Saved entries

>>>>

Lemma bracket_index (f : nat -> R) C N : f 0%N <= C ->
  f N <= C \/ exists2 j, (j < N)%N & f j <= C < f j.+1.
Proof.
move=> f0; elim: N => [|N [fN|[j jN fj]]]; first by left.
- by have [fN1|fN1] := leP (f N.+1) C; [left|right; exists N => //; rewrite fN].
- by right; exists j => //; apply: ltnW.
Qed.

Section Nodes.
Variables (rho : R) (k M : nat).
Hypotheses (rho0 : 0 < rho) (rho1 : rho < 1).

Lemma achievable_Xn : achievable rho k 1 (rho ^+ k).
Proof.
exists 'X^k; split; first by rewrite size_polyXn.
- by rewrite hornerXn expr1n.
- by rewrite l1polyXn.
move=> x /andP[x0 xrho]; rewrite hornerXn normrX ger0_norm //.
by rewrite lerXn2r // ?nnegrE // ltW.
Qed.

Lemma achievable_shifted_Xn :
  achievable rho k ((2 + rho ^+ k) / (2 - rho ^+ k)) (rho ^+ k / (2 - rho ^+ k)).
Proof.
have rk0 : 0 <= rho ^+ k by rewrite exprn_ge0 // ltW.
have rk1 : rho ^+ k <= 1 by rewrite exprn_ile1 // ltW.
have d0 : 0 < (2 - rho ^+ k)^-1 by rewrite invr_gt0; lra.
exists ((2 - rho ^+ k)^-1 *: (2 *: 'X^k - (rho ^+ k)%:P)); split.
- apply: leq_trans (size_scale_leq _ _) _; apply: leq_trans (size_polyD _ _) _.
  rewrite geq_max size_polyN size_polyC (leq_trans (size_scale_leq _ _)) ?size_polyXn //.
  by case: (_ != 0).
- rewrite hornerZ !hornerE expr1n mulr1 mulVf //; apply/negP => /eqP; lra.
- rewrite l1polyZ (ger0_norm (ltW d0)) mulrC ler_pM2r //.
  apply: le_trans (l1polyD _ _) _; rewrite -scaleN1r !l1polyZ l1polyC l1polyXn.
  by rewrite normrN1 mul1r mulr1 !ger0_norm.
- move=> x /andP[x0 xrho]; rewrite hornerZ !hornerE normrM (ger0_norm (ltW d0)).
  rewrite mulrC ler_pM2r // ler_norml.
  have : x ^+ k <= rho ^+ k by rewrite lerXn2r ?nnegrE // ltW.
  have : 0 <= x ^+ k by rewrite exprn_ge0.
  by move=> *; apply/andP; split; lra.
Qed.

<<<<

TASK TO CARRY OUT: Once the line containing "Variables (rho : R) (k M : nat)." has been written out, please stop; every line before it, back to the first line of the records above, should be given exactly.

SOLUTION:
Lemma bracket_index (f : nat -> R) C N : f 0%N <= C ->
  f N <= C \/ exists2 j, (j < N)%N & f j <= C < f j.+1.
Proof.
move=> f0; elim: N => [|N [fN|[j jN fj]]]; first by left.
- by have [fN1|fN1] := leP (f N.+1) C; [left|right; exists N => //; rewrite fN].
- by right; exists j => //; apply: ltnW.
Qed.

Section Nodes.
Variables (rho : R) (k M : nat).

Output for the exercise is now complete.